"In conceptione extra-uterina licebit sane recurrere ad laparotomiam similemve operationem, quando aliqua etiam tenuissima spes affulget salvandi infantem, simul ac mater fere certo liberabitur. … Ubi vero nulla spes hujusmodi [{22}] affulget, neque in hoc casu licebit abortum directe inducere, etiamsi foetus certo moriturus sit antequam in lucem edatur, et baptismum recipere nequeat. Etenim S. Inqu., dum provocat ad responsum 19 August, 1888, satis indicat abortus inductionem a se haberi tamquam operationem directe occisivam foetus ideoque semper illicitam."
There is no question of an abortion in a laparotomy for extrauterine gestation; abortion is altogether a different operation in method and nature. Secondly, the other decree of the Holy Office to which he refers speaks of a direct killing of the foetus, but there is no direct killing of the foetus in the operation for ectopic gestation, nor is the indirect hastening of the foetus's death a means to an end. The decree on abortion is so clear it leaves no room for doubt.
Cardinal Monaco, in the Epistola ad Archiepiscopum Camarcensem, August 19, 1889, says the Holy Office decreed that "In scholis catholicis tuto doceri non posse licitam esse operationem chirurgicam quam craniotomiam appellant, sicut declaratum fuit die 28 Maii, 1884, et quamcumque chirurgicam operationem directe occisivam foetus vel matris gestantis."
Note the words "directe occisivam." Craniotomy is a direct killing, and a direct killing used as a means to an end; moreover it is an altogether unnecessary killing. Artificial abortion in the case of an unviable foetus is also a direct killing as a means to save the mother's life, but the removal of an unviable ectopic foetus is neither a direct killing, nor is it a means toward any end.
Since the meaning of the decree concerning laparotomy in extrauterine pregnancy is by no means clear, we may discuss the question until the law has been fully promulgated, ready to conform to the real meaning of the decree whenever it is explained. In that spirit we may now consider the cases that occur in ectopic gestation.

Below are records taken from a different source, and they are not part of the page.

Lemma otimes_seq_greedy m : a P * c n0 + a P.-1 < m ->
  ~ in_image (otimes_seq a P c) m -> rejects (in_image (otimes_seq a P c)) m.
Proof.
move=> lt_m notin; have D_gt0 := adequate_block_gt0 ha; have P_gt0 := ab_gt0 ha.
have smono := leqW_mono (leq_mono (ab_incr ha)).
set q := m %/ a P; set r := m %% a P.
have mE : m = a P * q + r by rewrite /q /r mulnC -divn_eq.
have lt_r : r < a P by apply: ltn_pmod.
clearbody q r.
have le_q : c n0 <= q by rewrite leqNgt; apply/negP => lt_q; have := lt_q; nia.
case: (classic (exists2 i, i < P & a i = r)) => [[i lt_i iE] | no_digit].
  have notin_q : ~ in_image c q.
    by move=> [j jE]; apply: notin; exists (j * P + i); rewrite otimes_seqE // jE iE.
  have lt_q : c n0 < q.
    by rewrite ltn_neqAle le_q andbT; apply/eqP => eq_q; apply: notin_q; exists n0.
  have [z1 [z2 [cz1 cz2 lt_z E]]] := c_greedy lt_q notin_q.
  have lt_Dz : a P * z1 < a P * q by rewrite ltn_pmul2l.
  apply: (otimes_rejects_of_pair cz1 cz2 lt_i lt_i); first lia.
  by have /(congr1 (muln (a P))) := E; lia.
have notin_r : ~ in_image a r.
  by move=> [j jE]; apply: no_digit; exists j; rewrite // -smono jE.
have lt_last := adequate_block_lt ha (ltac:(lia) : P.-1 < P).
have [i1 [i2 [lt_i1 lt_i2 [[lt_1r E] | E]]]] :=
  adequate_block_rejects_residue ha lt_r notin_r.
  by apply: (otimes_rejects_of_digits le_q lt_i1 lt_i2); lia.
have le_i2 : a i2 <= a P.-1 by rewrite (leq_mono (ab_incr ha)); lia.
have lt_q : c n0 < q.
  by rewrite ltn_neqAle le_q andbT; apply/eqP => eq_q; rewrite mE -eq_q in lt_m; lia.
have qE : a P * q = a P * q.-1 + a P by rewrite -mulnSr prednK //; lia.
by apply: (otimes_rejects_of_digits (q := q.-1) _ lt_i1 lt_i2); lia.
Qed.

End OtimesGreedy.

Lemma mem_nucleusP Bs b :
  reflect (exists2 j, j < size (nucleus Bs) & stanley Bs j = b) (b \in Bs).
Proof.
rewrite -mem_nucleus; apply: (iffP idP) => [b_in | [j lt_j <-]].
  by exists (index b (nucleus Bs)); rewrite ?stanley_nucleus ?nth_index ?index_mem.
by rewrite stanley_nucleus // mem_nth.
Qed.

Lemma mem_otimes A k Bs x : 0 < 2 ^ k ->
  reflect (exists2 n, n < size (nucleus Bs) * 2 ^ k &
                      otimes_seq (stanley A) (2 ^ k) (stanley Bs) n = x)
          (x \in otimes A k Bs).
Proof.
move=> P_gt0; apply: (iffP allpairsP) =>
  [[[y b] /= [y_in /mem_nucleusP[j lt_j <-] ->]] | [n lt_n <-]].
  case/mem_mkseqP: y_in => i lt_i <-; exists (j * 2 ^ k + i); last by rewrite otimes_seqE.
  by rewrite -ltn_divLR // divnMDl // divn_small // addn0.
exists (stanley A (n %% 2 ^ k), stanley Bs (n %/ 2 ^ k)); split => //=.
  by apply/mem_mkseqP; exists (n %% 2 ^ k); rewrite ?ltn_pmod.
by apply/mem_nucleusP; exists (n %/ 2 ^ k); rewrite ?ltn_divLR.
Qed.

Lemma predn_mul m n : 0 < m -> 0 < n -> (m * n).-1 = m.-1 * n + n.-1.
Proof. by case: m => // m _; case: n => // n _; rewrite mulSn /=; lia. Qed.

Lemma stanley_otimes A k lam Bs : adequate_block (stanley A) (2 ^ k) lam ->
  stanley_set Bs ->
  stanley_set (otimes A k Bs) /\
  stanley (otimes A k Bs) =1 otimes_seq (stanley A) (2 ^ k) (stanley Bs).
Proof.
move=> ha sB; have P_gt0 := ab_gt0 ha; have nB_gt0 := nucleus_gt0 sB.
set T := otimes_seq (stanley A) (2 ^ k) (stanley Bs).
have incr : {homo T : m n / m < n} := otimes_seq_incr ha (stanley_incr sB).
have tfT : three_free_pred (in_image T) := otimes_seq_three_free ha (stanley_three_free sB).
have nucleusE : nucleus (otimes A k Bs) = mkseq T (size (nucleus Bs) * 2 ^ k).
  apply: (irr_sorted_eq ltn_trans ltnn (sorted_nucleus _)).
    exact: homo_sorted incr _ (iota_ltn_sorted 0 _).
  by move=> x; rewrite mem_nucleus; apply/(mem_otimes _ _ _ P_gt0)/mem_mkseqP.
have sC : stanley_set (otimes A k Bs).
  apply/andP; split.
    by apply: (three_free_sub tfT) => x /(mem_otimes _ _ _ P_gt0)[n _ <-]; exists n.
  apply/(mem_otimes _ _ _ P_gt0); exists 0; first by rewrite muln_gt0 nB_gt0.
  by rewrite /T /otimes_seq div0n mod0n (ab_0 ha) (stanley0 sB) muln0.
split=> //; apply: eq_stanley => //.
  by move=> i; rewrite nucleusE size_mkseq => lt_i; rewrite nth_mkseq.
move=> m; rewrite nucleusE size_mkseq predn_mul // /T otimes_seqE; last lia.
exact: (otimes_seq_greedy ha (fun m => stanley_greedy (m := m) sB)).
Qed.

Lemma otimes_seq_level a P lam c c' u N lc : adequate_block a P lam -> 0 < u ->
  (forall i, i < N -> c (u + i) = c u + c' i) ->
  ((c u)%:Z = 2 * (c u.-1)%:Z - lc + 1)%R ->
  (forall i, i < N * P ->
     otimes_seq a P c (u * P + i) = otimes_seq a P c (u * P) + otimes_seq a P c' i) /\
  ((otimes_seq a P c (u * P))%:Z =
     2 * (otimes_seq a P c (u * P).-1)%:Z - ((a P)%:Z * lc + lam) + 1)%R.
Proof.
move=> ha u_gt0 shift char; have P_gt0 := ab_gt0 ha.
have uPE : otimes_seq a P c (u * P) = a P * c u.
  by rewrite -[u * P]addn0 otimes_seqE // (ab_0 ha) addn0.
split=> [i lt_i | ].
  rewrite uPE (divn_eq i P) addnA -mulnDl !otimes_seqE ?ltn_pmod // shift ?ltn_divLR //.
  by rewrite mulnDr addnA.
rewrite uPE predn_mul // otimes_seqE; last lia.
by have := ab_char ha; rewrite !PoszD !PoszM char; lia.
Qed.

Lemma independent_with_otimes a k lam c lc : adequate_block a (2 ^ k) lam ->
  independent_with c lc ->
  independent_with (otimes_seq a (2 ^ k) c) ((a (2 ^ k)%N)%:Z * lc + lam)%R.
Proof.
move=> ha [K indK]; exists (K + k) => j le_j.
have [shift char] := indK (j - k) (ltac:(lia)).
have -> : 2 ^ j = 2 ^ (j - k) * 2 ^ k by rewrite -expnD subnK //; lia.
by apply: otimes_seq_level; rewrite ?expn_gt0.
Qed.

Lemma sidx_gt0 K s : `|s| < 2 ^ K -> 0 < sidx K s.
Proof.
move=> lt_s; rewrite /sidx absz_gt0 subr_eq0; apply/eqP => eq_s.
by move: lt_s; rewrite -eq_s absz_nat ltnn.
Qed.

Lemma sidx_mul K k s : sidx (K + k) ((2 ^ k)%N%:Z * s)%R = sidx K s * 2 ^ k.
Proof. by rewrite /sidx expnD PoszM [(_ * s)%R]mulrC -mulrBl abszM. Qed.

Lemma regular_eqs_otimes a k lam b lb sb cb K : adequate_block a (2 ^ k) lam ->
  `|sb| < 2 ^ K -> regular_eqs b lb sb cb K ->
  regular_eqs (otimes_seq a (2 ^ k) b) ((a (2 ^ k)%N)%:Z * lb + lam)%R
    ((2 ^ k)%N%:Z * sb)%R (otimes_seq a (2 ^ k) cb) (K + k).
Proof.
move=> ha lt_sb [shift char]; rewrite /regular_eqs sidx_mul expnD.
exact: otimes_seq_level ha (sidx_gt0 lt_sb) shift char.
Qed.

Case I. A surgeon is called in to treat a woman and he finds her in a state of collapse. He makes a diagnosis of tubal pregnancy, which has gone on to rupture with hemorrhage, and the bleeding will evidently be fatal to the mother unless it is checked. Practically the only chance of saving the [{23}] mother's life is coeliotomy and the ligation of her open arteries. Dr. Howard Kelly (Operative Gynaecology, vol. ii. p. 437) says: "When the hemorrhage is sudden and excessive the patient falls in collapse; but, in spite of these alarming symptoms, she may survive a succession of similar attacks and the foetus and sac may continue to develop." This exception complicates the case slightly. If the surgeon were absolutely certain that the only possible chance to save the woman's life is coeliotomy and haemostasis, the case would be somewhat different from one in which there is some chance of escape by spontaneous haemostasis. That chance, however, is so slight, and so far beyond any means we have for forecasting, that it is mere luck, and it is to be neglected. The surgeon may safely consider the patient in the gravest actual danger.
(a) Before he opens the abdomen he can not tell whether the foetus is alive or not; but the stronger probability is that it is not, and the certainty is that it has no chance at all to remain alive more than a few minutes or hours, unless the surgeon is willing to trust to sheer luck in the expectation that he may happen to have one of Dr. Kelly's exceptions before him.
(b) The operation to save the mother is this: as quickly as possible he makes a vertical slit from four to six inches long through the woman's belly-wall. Then commonly the free blood begins to run out, or it may even spurt out some feet into the air. The surgeon can see nothing for the blood and the presence of the entrails. If the blood is not freshly welling up he bails it out with his hands or a ladle; if it is spurting he at once thrusts in his hand, feels for the foetal sac, lifts it up, and puts on clamps near the uterus on one side and near the pelvic brim on the other. This stops the hemorrhage, and he can then work more leisurely, but unfortunately this also stops the flow of blood to the foetus. He can not first examine the foetus and then stop the hemorrhage. He can not back out even if he finds a live foetus without letting the mother die on the table.
(c) If the placenta is already loose from the Fallopian tube the child is dead or it will die in a few seconds or minutes. If it was not loose the lifting out may tear it loose, and this [{24}] tearing loose will hasten the death of the foetus a few minutes (but give a chance for baptising it).
(d) If the lifting out does not tear loose the supposedly fixed placenta, the foetus either will die anyhow if the mother dies, or it will die if the mother lives, because to save her the surgeon must put ligatures just where the flow of blood will be shut off from the foetus. Commonly there is no time to even look for the foetus until after the maternal arteries have been closed.